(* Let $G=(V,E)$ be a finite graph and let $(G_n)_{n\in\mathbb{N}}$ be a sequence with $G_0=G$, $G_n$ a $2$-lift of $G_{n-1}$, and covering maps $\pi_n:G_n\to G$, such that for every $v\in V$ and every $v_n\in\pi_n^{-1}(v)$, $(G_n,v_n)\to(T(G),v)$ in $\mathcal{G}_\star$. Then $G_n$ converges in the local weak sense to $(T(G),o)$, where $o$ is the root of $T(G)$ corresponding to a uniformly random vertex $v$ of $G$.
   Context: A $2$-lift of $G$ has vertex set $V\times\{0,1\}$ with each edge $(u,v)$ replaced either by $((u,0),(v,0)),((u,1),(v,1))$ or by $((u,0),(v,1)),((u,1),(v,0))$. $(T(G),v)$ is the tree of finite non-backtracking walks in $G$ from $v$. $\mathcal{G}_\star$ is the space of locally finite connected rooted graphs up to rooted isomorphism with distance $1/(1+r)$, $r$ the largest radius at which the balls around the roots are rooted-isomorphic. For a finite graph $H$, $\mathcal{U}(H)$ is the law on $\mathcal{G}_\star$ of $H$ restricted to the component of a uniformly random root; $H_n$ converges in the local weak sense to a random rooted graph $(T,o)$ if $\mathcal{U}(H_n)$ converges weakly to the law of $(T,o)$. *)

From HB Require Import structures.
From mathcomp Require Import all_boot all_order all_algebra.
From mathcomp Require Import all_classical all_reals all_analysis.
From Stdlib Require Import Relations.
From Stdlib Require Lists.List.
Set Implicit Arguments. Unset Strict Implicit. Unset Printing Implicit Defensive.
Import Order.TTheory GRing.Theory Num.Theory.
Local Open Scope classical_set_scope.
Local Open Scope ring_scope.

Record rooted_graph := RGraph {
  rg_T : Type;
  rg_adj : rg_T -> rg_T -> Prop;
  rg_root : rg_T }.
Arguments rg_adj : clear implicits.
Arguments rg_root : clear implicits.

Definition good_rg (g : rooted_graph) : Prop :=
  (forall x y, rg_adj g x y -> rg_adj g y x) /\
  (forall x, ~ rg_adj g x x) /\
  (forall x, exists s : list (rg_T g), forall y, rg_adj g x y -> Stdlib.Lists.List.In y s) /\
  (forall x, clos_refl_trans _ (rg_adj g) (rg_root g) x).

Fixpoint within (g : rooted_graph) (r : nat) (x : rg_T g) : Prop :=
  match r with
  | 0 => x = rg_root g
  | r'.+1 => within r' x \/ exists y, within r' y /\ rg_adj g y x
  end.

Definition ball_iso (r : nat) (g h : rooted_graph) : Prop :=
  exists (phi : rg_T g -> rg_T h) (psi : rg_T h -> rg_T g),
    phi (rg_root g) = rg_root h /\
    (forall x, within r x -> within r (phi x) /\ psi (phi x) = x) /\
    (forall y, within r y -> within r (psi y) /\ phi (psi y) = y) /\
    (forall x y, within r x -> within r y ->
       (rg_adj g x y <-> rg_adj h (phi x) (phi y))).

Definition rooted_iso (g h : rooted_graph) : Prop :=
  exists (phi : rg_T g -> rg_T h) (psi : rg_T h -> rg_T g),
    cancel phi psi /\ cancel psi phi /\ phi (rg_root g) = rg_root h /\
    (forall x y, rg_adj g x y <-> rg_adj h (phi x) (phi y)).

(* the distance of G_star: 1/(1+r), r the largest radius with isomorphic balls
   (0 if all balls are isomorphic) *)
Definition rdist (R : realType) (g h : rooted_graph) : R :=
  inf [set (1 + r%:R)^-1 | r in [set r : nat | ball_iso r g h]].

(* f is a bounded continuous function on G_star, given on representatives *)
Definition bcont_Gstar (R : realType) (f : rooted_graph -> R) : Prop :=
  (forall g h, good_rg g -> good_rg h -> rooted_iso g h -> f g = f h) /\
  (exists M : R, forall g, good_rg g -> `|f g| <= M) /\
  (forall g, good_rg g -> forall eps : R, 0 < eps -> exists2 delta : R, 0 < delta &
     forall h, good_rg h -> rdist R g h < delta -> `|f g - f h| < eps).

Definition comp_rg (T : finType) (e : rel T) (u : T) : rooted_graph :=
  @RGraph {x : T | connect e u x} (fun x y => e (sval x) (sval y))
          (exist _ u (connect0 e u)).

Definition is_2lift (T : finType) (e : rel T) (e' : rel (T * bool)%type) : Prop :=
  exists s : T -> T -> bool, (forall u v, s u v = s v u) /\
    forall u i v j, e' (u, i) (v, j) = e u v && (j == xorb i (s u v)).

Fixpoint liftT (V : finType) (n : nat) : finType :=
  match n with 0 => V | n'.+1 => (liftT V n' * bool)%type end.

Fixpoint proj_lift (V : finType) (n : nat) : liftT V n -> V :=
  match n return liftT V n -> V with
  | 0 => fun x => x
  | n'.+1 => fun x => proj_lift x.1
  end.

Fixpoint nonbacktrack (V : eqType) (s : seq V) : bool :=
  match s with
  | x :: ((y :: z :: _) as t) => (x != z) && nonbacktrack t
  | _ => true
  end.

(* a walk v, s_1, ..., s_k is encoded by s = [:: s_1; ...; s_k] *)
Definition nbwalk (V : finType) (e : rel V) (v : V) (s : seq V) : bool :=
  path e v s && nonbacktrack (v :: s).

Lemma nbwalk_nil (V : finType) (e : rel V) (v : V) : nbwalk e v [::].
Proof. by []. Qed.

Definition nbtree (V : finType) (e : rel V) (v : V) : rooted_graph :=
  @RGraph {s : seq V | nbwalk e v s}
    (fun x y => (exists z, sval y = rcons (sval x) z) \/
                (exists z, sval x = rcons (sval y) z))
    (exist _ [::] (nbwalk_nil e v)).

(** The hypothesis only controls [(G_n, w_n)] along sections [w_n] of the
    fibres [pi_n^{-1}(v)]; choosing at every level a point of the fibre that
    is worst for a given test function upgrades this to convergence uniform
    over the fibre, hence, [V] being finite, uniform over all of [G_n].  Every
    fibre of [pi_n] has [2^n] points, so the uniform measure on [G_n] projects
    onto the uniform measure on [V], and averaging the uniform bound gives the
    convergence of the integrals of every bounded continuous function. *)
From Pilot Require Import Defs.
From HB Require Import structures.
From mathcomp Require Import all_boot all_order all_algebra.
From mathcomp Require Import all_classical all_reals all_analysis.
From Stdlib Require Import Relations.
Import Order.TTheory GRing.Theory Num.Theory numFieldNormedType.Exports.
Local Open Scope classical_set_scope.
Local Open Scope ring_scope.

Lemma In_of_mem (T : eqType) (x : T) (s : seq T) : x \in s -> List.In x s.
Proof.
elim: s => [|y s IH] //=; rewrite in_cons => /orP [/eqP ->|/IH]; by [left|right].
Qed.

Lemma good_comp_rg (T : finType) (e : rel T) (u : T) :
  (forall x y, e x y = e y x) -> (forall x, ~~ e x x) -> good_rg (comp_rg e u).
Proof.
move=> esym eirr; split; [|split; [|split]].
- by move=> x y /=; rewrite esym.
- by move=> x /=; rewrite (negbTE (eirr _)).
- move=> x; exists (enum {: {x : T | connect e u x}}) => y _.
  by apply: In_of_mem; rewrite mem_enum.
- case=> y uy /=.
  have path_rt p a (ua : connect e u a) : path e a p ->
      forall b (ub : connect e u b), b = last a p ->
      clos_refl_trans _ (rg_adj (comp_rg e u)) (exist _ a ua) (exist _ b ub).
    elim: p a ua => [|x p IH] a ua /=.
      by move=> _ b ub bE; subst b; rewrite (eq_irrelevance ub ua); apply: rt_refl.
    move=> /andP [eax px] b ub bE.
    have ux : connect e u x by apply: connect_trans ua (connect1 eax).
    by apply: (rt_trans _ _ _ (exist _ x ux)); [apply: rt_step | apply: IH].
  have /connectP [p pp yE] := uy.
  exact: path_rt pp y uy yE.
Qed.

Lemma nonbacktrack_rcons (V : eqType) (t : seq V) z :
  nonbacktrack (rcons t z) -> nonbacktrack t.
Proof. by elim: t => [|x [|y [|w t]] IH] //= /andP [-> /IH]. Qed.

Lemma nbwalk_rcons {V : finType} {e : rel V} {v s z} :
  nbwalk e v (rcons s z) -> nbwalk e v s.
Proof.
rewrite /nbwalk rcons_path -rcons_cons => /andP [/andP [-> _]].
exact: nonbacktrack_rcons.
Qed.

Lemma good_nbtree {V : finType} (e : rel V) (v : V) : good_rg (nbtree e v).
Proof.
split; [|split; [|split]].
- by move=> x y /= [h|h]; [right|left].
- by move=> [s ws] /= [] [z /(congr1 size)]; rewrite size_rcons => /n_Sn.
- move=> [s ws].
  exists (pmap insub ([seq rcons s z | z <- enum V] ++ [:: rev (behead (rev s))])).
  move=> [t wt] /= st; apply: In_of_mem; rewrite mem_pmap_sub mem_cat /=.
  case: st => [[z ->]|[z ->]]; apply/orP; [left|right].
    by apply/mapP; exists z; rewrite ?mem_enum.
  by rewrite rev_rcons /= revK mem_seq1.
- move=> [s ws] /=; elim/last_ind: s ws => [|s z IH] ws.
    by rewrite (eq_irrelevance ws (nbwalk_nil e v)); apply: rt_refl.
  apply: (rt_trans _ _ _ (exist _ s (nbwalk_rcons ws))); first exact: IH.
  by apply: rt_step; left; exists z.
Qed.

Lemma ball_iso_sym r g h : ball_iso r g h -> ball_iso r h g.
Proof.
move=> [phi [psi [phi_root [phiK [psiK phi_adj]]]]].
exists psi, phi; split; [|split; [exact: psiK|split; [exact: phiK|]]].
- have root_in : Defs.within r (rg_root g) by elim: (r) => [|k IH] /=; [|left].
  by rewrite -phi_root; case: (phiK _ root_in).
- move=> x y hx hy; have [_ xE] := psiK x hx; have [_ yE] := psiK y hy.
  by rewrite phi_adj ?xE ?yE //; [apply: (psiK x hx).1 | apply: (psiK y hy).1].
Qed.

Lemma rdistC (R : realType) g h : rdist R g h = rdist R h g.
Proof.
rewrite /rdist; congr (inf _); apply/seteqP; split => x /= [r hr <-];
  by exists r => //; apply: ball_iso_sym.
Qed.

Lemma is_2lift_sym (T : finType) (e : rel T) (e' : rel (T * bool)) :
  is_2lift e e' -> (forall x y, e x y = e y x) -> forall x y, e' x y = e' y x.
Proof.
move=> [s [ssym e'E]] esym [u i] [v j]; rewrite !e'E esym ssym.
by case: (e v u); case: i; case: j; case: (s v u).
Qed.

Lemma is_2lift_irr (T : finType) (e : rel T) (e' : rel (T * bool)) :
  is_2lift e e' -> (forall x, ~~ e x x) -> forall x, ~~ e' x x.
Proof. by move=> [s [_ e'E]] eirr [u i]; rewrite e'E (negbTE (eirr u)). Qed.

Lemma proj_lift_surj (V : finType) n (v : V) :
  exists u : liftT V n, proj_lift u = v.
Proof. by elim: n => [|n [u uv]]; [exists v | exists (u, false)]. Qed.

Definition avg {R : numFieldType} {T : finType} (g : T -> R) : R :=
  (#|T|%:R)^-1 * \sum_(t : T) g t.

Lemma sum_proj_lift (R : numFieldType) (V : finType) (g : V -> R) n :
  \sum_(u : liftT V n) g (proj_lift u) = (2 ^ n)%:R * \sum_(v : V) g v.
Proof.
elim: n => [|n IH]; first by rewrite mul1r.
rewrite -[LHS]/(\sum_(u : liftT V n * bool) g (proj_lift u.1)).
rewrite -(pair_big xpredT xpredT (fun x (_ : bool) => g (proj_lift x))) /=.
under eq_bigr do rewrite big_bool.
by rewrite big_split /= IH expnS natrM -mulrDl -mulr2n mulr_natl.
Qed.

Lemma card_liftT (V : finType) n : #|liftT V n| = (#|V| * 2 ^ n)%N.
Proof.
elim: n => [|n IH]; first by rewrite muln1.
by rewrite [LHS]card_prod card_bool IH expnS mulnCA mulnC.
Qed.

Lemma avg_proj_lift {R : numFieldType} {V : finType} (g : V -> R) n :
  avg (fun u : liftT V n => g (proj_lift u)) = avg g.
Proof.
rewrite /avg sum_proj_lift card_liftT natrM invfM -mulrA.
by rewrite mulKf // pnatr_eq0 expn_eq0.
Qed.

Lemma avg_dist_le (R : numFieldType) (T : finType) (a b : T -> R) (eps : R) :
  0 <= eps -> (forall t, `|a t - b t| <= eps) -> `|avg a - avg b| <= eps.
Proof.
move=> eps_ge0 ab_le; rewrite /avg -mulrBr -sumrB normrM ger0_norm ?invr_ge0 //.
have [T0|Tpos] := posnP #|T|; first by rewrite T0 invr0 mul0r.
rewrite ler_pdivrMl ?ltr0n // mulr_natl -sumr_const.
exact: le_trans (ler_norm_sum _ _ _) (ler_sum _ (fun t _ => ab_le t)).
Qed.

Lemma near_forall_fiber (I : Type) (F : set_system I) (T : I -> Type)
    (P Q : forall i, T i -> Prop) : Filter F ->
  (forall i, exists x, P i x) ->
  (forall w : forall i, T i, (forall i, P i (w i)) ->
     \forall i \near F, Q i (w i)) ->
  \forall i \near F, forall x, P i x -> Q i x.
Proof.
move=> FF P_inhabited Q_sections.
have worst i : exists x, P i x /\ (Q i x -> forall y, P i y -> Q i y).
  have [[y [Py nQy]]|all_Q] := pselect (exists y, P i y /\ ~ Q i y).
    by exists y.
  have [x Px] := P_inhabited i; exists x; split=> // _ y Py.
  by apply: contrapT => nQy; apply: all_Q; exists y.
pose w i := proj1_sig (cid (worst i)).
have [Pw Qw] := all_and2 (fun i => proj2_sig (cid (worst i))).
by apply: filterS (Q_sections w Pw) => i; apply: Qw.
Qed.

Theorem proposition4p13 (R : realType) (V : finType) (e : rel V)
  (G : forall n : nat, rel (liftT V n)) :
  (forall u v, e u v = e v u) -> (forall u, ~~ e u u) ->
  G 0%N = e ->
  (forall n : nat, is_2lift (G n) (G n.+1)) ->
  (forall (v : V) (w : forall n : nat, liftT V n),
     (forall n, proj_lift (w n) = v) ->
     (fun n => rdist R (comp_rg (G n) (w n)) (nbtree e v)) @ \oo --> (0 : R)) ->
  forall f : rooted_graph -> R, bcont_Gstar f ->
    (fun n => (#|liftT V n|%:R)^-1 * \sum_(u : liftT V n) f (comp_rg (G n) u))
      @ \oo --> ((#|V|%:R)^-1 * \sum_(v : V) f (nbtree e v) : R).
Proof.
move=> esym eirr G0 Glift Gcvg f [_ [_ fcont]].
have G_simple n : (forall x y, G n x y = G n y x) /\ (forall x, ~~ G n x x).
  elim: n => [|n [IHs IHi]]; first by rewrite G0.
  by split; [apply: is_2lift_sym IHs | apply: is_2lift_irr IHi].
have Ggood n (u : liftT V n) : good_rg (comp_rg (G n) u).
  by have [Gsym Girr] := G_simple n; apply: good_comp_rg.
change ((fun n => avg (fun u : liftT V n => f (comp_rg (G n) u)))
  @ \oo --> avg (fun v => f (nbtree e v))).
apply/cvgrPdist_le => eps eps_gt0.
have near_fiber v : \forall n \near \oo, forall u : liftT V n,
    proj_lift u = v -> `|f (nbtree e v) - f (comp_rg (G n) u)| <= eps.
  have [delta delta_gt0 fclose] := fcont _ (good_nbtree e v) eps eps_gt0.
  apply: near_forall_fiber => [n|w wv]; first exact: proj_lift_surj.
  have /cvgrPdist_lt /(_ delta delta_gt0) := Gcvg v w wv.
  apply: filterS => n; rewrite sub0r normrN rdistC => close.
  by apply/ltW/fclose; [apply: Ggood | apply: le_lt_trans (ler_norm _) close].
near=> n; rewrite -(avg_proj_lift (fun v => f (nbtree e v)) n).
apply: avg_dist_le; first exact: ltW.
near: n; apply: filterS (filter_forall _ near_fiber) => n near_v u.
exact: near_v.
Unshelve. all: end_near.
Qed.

---------------

Print exactly the lines above, between the one holding "exact: le_trans (ler_norm_sum" and the one holding "by exists y.", inclusive, and nothing besides.

_Response to this task_:
exact: le_trans (ler_norm_sum _ _ _) (ler_sum _ (fun t _ => ab_le t)).
Qed.

Lemma near_forall_fiber (I : Type) (F : set_system I) (T : I -> Type)
    (P Q : forall i, T i -> Prop) : Filter F ->
  (forall i, exists x, P i x) ->
  (forall w : forall i, T i, (forall i, P i (w i)) ->
     \forall i \near F, Q i (w i)) ->
  \forall i \near F, forall x, P i x -> Q i x.
Proof.
move=> FF P_inhabited Q_sections.
have worst i : exists x, P i x /\ (Q i x -> forall y, P i y -> Q i y).
  have [[y [Py nQy]]|all_Q] := pselect (exists y, P i y /\ ~ Q i y).
    by exists y.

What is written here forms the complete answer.